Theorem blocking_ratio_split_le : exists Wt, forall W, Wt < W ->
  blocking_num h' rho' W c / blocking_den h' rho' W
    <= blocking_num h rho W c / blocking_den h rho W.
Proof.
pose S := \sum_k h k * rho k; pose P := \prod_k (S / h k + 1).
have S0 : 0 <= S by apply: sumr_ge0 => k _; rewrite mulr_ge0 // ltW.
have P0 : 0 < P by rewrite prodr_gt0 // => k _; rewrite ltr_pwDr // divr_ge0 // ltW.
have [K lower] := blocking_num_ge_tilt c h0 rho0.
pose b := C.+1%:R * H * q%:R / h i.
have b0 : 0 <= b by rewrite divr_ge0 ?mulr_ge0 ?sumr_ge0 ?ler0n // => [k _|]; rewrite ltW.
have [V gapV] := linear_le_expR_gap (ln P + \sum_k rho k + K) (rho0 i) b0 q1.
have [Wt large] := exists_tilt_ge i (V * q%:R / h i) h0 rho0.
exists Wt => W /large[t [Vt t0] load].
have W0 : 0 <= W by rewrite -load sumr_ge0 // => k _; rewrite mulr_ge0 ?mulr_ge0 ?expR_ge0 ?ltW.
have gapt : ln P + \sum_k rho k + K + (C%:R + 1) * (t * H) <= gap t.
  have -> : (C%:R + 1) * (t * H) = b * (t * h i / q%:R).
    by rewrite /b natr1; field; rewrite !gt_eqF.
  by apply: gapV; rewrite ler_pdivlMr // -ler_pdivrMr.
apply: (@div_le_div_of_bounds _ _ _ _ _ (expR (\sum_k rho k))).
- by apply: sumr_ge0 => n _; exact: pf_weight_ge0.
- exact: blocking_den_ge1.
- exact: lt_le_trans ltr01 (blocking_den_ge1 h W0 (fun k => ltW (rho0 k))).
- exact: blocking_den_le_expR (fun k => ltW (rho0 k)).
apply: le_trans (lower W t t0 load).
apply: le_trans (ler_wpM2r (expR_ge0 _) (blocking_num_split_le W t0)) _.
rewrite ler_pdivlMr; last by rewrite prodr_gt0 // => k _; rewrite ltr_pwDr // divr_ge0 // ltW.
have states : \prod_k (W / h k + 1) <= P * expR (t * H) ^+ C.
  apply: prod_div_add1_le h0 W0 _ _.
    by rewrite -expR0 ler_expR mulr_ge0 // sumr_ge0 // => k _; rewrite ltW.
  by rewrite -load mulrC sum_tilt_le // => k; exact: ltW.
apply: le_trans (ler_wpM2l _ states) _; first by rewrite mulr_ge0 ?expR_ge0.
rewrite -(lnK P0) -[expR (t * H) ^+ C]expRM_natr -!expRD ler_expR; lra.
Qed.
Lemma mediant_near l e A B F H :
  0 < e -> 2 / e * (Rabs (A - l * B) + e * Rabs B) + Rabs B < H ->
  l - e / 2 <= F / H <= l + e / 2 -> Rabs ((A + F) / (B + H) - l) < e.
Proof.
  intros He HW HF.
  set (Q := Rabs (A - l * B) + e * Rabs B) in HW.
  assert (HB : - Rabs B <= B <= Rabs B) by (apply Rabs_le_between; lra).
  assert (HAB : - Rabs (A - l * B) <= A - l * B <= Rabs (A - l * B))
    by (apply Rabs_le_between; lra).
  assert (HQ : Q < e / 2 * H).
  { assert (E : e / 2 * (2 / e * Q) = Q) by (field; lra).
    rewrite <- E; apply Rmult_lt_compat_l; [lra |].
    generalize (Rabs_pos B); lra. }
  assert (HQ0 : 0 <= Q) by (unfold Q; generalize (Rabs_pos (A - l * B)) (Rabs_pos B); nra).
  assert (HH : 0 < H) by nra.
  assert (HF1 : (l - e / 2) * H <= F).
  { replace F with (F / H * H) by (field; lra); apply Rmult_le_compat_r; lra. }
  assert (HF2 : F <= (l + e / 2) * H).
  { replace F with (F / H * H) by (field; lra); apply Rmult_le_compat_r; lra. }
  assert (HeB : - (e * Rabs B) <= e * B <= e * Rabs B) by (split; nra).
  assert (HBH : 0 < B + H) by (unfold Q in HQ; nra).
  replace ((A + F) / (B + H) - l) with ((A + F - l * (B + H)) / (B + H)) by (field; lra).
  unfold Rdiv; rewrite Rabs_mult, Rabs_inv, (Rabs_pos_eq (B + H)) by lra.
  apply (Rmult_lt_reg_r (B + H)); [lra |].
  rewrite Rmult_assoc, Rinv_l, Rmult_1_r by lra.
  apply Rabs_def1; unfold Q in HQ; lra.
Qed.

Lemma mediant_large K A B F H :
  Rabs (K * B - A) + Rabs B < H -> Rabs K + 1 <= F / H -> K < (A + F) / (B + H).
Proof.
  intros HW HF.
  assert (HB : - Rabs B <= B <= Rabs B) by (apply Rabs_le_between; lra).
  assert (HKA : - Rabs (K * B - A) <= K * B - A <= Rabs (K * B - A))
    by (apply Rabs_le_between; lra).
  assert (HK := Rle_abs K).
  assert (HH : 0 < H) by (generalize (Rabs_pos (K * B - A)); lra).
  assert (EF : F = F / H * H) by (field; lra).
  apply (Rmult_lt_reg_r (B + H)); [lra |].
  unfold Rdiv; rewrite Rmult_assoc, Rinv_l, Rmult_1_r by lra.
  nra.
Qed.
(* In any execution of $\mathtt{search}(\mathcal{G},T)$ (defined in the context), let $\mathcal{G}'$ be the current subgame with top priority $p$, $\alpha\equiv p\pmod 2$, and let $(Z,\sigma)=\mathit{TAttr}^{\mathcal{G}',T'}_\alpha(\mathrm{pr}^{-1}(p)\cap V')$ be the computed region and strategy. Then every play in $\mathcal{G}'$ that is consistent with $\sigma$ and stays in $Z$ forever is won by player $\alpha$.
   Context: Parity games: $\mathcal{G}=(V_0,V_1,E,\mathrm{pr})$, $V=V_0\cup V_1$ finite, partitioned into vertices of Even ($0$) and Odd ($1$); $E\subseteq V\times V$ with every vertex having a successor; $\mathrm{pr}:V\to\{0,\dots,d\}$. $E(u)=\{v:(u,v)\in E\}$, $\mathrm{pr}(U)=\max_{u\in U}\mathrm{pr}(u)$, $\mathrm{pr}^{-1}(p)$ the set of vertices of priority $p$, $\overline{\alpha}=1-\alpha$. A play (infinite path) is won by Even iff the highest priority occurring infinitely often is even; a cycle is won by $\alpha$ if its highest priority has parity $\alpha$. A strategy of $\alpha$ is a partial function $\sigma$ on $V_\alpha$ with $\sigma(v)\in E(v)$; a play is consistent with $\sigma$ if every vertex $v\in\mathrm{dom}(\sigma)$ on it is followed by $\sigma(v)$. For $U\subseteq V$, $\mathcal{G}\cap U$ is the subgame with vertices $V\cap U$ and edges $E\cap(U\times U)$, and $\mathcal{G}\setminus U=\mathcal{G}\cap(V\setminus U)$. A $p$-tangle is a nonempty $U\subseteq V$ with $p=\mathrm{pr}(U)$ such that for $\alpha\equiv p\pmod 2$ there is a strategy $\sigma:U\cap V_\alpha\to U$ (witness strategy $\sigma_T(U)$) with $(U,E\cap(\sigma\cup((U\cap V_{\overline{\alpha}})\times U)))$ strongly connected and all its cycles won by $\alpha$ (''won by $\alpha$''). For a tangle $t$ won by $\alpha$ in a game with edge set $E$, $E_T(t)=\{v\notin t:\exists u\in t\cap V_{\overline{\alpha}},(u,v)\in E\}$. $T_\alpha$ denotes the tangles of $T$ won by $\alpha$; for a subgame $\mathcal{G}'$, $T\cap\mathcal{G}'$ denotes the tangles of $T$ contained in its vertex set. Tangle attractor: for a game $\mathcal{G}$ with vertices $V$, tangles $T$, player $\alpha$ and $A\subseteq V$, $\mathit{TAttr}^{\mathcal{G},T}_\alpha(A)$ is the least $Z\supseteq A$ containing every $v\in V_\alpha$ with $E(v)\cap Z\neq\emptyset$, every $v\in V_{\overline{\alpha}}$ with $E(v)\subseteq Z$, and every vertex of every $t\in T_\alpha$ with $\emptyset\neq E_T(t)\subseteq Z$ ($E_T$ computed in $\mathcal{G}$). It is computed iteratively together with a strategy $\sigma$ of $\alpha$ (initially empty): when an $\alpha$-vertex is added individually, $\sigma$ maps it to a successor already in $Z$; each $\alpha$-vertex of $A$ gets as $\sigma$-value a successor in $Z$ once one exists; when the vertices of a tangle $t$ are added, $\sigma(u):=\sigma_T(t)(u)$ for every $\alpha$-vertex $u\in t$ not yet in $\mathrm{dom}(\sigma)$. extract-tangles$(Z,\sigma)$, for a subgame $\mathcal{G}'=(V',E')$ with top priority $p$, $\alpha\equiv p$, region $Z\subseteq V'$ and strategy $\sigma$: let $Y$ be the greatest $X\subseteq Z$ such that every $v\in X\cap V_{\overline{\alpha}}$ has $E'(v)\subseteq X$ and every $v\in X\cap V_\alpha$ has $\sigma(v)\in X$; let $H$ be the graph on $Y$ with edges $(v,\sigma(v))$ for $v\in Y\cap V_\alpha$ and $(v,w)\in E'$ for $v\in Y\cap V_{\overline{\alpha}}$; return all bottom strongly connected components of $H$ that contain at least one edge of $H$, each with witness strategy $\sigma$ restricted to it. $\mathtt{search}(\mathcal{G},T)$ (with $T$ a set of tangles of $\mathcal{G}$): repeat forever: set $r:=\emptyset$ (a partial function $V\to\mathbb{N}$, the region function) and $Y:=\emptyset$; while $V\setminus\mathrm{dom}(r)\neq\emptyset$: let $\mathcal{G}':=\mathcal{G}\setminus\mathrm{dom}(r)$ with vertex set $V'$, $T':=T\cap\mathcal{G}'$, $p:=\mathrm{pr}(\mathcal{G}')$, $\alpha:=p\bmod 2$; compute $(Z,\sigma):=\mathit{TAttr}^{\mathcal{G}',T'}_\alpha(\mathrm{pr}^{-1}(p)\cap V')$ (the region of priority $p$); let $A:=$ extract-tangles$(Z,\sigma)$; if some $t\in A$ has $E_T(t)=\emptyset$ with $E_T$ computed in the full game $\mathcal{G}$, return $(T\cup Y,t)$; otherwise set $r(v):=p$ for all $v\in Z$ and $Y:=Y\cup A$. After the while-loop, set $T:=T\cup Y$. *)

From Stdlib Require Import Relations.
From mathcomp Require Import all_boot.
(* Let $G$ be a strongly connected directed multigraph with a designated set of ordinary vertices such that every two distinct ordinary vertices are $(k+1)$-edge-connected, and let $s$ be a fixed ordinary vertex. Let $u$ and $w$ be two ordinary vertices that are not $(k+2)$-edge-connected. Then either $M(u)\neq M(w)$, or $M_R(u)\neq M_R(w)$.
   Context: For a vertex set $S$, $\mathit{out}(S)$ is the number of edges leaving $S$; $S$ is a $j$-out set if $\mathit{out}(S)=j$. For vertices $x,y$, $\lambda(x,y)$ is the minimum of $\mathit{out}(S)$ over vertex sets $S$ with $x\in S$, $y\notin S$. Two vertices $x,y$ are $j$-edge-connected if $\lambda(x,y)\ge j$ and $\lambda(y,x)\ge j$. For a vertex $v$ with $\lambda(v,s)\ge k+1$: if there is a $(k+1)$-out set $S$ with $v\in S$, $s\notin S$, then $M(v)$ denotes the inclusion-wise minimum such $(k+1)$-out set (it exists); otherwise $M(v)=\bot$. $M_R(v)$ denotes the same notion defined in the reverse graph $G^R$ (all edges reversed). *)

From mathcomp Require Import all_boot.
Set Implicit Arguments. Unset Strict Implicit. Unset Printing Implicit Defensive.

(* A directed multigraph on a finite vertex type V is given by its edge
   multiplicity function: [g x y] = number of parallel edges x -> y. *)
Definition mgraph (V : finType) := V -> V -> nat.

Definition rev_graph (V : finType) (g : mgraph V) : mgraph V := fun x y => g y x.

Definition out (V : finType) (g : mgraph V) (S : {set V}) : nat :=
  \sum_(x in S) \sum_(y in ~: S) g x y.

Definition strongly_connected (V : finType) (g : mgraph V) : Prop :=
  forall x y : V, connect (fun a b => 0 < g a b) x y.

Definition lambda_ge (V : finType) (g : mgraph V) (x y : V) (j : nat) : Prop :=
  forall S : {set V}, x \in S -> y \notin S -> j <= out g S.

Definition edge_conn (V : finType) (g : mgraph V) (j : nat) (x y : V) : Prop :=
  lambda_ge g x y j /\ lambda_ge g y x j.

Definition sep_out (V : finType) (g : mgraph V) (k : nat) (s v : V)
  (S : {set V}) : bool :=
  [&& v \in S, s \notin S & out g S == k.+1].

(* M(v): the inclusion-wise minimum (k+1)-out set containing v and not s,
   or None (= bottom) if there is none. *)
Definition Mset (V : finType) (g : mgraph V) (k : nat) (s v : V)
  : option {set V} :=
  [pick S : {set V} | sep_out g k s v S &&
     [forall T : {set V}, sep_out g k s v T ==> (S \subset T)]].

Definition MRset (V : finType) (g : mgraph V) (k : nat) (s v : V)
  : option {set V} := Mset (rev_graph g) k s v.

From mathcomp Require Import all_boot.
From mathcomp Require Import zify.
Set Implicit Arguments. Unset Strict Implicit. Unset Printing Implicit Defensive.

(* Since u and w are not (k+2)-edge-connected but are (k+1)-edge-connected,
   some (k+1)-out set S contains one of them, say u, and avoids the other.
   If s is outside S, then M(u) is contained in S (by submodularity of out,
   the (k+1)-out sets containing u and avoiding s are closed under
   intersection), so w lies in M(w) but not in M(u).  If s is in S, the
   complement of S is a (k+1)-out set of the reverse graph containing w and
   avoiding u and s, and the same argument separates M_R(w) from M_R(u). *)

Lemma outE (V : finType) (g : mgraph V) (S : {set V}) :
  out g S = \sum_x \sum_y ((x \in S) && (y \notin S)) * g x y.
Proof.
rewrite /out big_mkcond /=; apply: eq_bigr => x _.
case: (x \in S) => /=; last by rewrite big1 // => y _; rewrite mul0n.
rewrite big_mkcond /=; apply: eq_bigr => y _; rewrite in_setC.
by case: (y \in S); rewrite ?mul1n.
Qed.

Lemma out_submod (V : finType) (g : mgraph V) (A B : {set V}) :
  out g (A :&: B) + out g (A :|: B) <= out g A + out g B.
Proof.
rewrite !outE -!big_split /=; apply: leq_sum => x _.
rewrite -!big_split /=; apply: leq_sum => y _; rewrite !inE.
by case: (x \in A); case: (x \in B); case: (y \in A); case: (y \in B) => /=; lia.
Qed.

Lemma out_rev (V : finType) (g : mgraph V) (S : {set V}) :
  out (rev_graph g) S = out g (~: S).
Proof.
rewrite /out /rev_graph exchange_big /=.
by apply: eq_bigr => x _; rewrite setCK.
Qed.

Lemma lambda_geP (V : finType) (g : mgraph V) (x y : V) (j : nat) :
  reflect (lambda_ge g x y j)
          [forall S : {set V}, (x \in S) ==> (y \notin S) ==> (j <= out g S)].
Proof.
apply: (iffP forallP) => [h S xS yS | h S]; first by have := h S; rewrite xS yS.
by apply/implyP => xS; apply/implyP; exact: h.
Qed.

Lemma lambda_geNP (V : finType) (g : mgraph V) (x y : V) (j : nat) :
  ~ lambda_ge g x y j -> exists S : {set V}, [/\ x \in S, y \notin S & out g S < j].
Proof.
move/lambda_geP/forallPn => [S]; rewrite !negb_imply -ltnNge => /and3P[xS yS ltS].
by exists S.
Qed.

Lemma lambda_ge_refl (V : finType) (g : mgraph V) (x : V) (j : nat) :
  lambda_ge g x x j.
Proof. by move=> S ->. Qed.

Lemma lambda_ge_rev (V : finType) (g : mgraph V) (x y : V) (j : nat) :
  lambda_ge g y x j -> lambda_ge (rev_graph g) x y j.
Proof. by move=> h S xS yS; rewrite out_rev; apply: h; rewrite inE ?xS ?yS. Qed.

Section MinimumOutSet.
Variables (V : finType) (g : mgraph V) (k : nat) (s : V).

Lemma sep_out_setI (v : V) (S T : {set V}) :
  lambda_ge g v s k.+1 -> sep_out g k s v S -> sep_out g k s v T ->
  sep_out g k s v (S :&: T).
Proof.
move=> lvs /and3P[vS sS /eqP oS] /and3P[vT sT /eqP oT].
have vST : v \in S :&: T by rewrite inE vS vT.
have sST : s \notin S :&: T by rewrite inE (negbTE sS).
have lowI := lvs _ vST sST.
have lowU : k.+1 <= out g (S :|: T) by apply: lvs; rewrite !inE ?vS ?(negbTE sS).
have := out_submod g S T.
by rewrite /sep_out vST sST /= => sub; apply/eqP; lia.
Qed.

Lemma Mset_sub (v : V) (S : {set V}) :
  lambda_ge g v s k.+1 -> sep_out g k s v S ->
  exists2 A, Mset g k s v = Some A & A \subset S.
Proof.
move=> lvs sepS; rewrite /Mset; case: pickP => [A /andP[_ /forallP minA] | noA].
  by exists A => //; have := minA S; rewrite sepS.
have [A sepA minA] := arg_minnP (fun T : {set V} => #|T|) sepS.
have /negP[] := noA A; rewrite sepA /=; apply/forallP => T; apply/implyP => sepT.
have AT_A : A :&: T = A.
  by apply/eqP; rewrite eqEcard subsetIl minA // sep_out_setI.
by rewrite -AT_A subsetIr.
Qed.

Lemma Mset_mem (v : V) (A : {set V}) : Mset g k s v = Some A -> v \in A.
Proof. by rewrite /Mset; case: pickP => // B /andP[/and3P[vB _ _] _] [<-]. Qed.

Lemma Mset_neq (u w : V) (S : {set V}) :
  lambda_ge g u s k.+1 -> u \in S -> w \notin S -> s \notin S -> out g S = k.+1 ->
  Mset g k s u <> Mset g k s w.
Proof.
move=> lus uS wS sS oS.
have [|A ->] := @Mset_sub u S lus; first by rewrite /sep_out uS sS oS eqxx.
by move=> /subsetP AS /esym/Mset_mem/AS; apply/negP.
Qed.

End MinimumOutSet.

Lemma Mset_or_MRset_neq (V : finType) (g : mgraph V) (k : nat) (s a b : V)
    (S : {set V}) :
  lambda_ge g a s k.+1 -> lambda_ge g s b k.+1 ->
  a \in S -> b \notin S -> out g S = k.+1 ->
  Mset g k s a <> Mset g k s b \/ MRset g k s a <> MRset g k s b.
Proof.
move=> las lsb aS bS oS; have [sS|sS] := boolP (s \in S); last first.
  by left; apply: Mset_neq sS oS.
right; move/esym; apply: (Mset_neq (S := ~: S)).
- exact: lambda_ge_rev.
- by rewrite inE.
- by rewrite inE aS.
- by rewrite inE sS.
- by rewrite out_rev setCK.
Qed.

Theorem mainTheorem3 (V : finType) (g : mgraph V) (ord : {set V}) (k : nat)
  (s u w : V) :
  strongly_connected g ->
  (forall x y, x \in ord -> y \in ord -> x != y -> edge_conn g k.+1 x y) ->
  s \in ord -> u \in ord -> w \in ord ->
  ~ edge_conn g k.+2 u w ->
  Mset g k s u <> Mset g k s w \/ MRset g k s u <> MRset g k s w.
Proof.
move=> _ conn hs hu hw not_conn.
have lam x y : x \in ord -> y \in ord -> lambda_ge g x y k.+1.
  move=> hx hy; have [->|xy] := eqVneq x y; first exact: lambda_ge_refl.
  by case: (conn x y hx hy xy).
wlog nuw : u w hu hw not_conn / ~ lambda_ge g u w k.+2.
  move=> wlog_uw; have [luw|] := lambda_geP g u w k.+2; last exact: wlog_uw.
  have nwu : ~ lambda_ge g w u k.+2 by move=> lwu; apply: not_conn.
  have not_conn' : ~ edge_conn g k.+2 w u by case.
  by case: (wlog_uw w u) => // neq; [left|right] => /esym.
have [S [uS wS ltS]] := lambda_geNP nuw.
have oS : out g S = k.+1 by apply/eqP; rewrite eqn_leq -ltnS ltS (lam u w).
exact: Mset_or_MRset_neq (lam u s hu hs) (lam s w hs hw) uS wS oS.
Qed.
^^^^^^^^
Return the lines above precisely as they appear, beginning at the first line and ending at the line with "rewrite ler_pdivlMr; last", and nothing after it.

> _EXERCISE RESULT_
Theorem blocking_ratio_split_le : exists Wt, forall W, Wt < W ->
  blocking_num h' rho' W c / blocking_den h' rho' W
    <= blocking_num h rho W c / blocking_den h rho W.
Proof.
pose S := \sum_k h k * rho k; pose P := \prod_k (S / h k + 1).
have S0 : 0 <= S by apply: sumr_ge0 => k _; rewrite mulr_ge0 // ltW.
have P0 : 0 < P by rewrite prodr_gt0 // => k _; rewrite ltr_pwDr // divr_ge0 // ltW.
have [K lower] := blocking_num_ge_tilt c h0 rho0.
pose b := C.+1%:R * H * q%:R / h i.
have b0 : 0 <= b by rewrite divr_ge0 ?mulr_ge0 ?sumr_ge0 ?ler0n // => [k _|]; rewrite ltW.
have [V gapV] := linear_le_expR_gap (ln P + \sum_k rho k + K) (rho0 i) b0 q1.
have [Wt large] := exists_tilt_ge i (V * q%:R / h i) h0 rho0.
exists Wt => W /large[t [Vt t0] load].
have W0 : 0 <= W by rewrite -load sumr_ge0 // => k _; rewrite mulr_ge0 ?mulr_ge0 ?expR_ge0 ?ltW.
have gapt : ln P + \sum_k rho k + K + (C%:R + 1) * (t * H) <= gap t.
  have -> : (C%:R + 1) * (t * H) = b * (t * h i / q%:R).
    by rewrite /b natr1; field; rewrite !gt_eqF.
  by apply: gapV; rewrite ler_pdivlMr // -ler_pdivrMr.
apply: (@div_le_div_of_bounds _ _ _ _ _ (expR (\sum_k rho k))).
- by apply: sumr_ge0 => n _; exact: pf_weight_ge0.
- exact: blocking_den_ge1.
- exact: lt_le_trans ltr01 (blocking_den_ge1 h W0 (fun k => ltW (rho0 k))).
- exact: blocking_den_le_expR (fun k => ltW (rho0 k)).
apply: le_trans (lower W t t0 load).
apply: le_trans (ler_wpM2r (expR_ge0 _) (blocking_num_split_le W t0)) _.
rewrite ler_pdivlMr; last by rewrite prodr_gt0 // => k _; rewrite ltr_pwDr // divr_ge0 // ltW.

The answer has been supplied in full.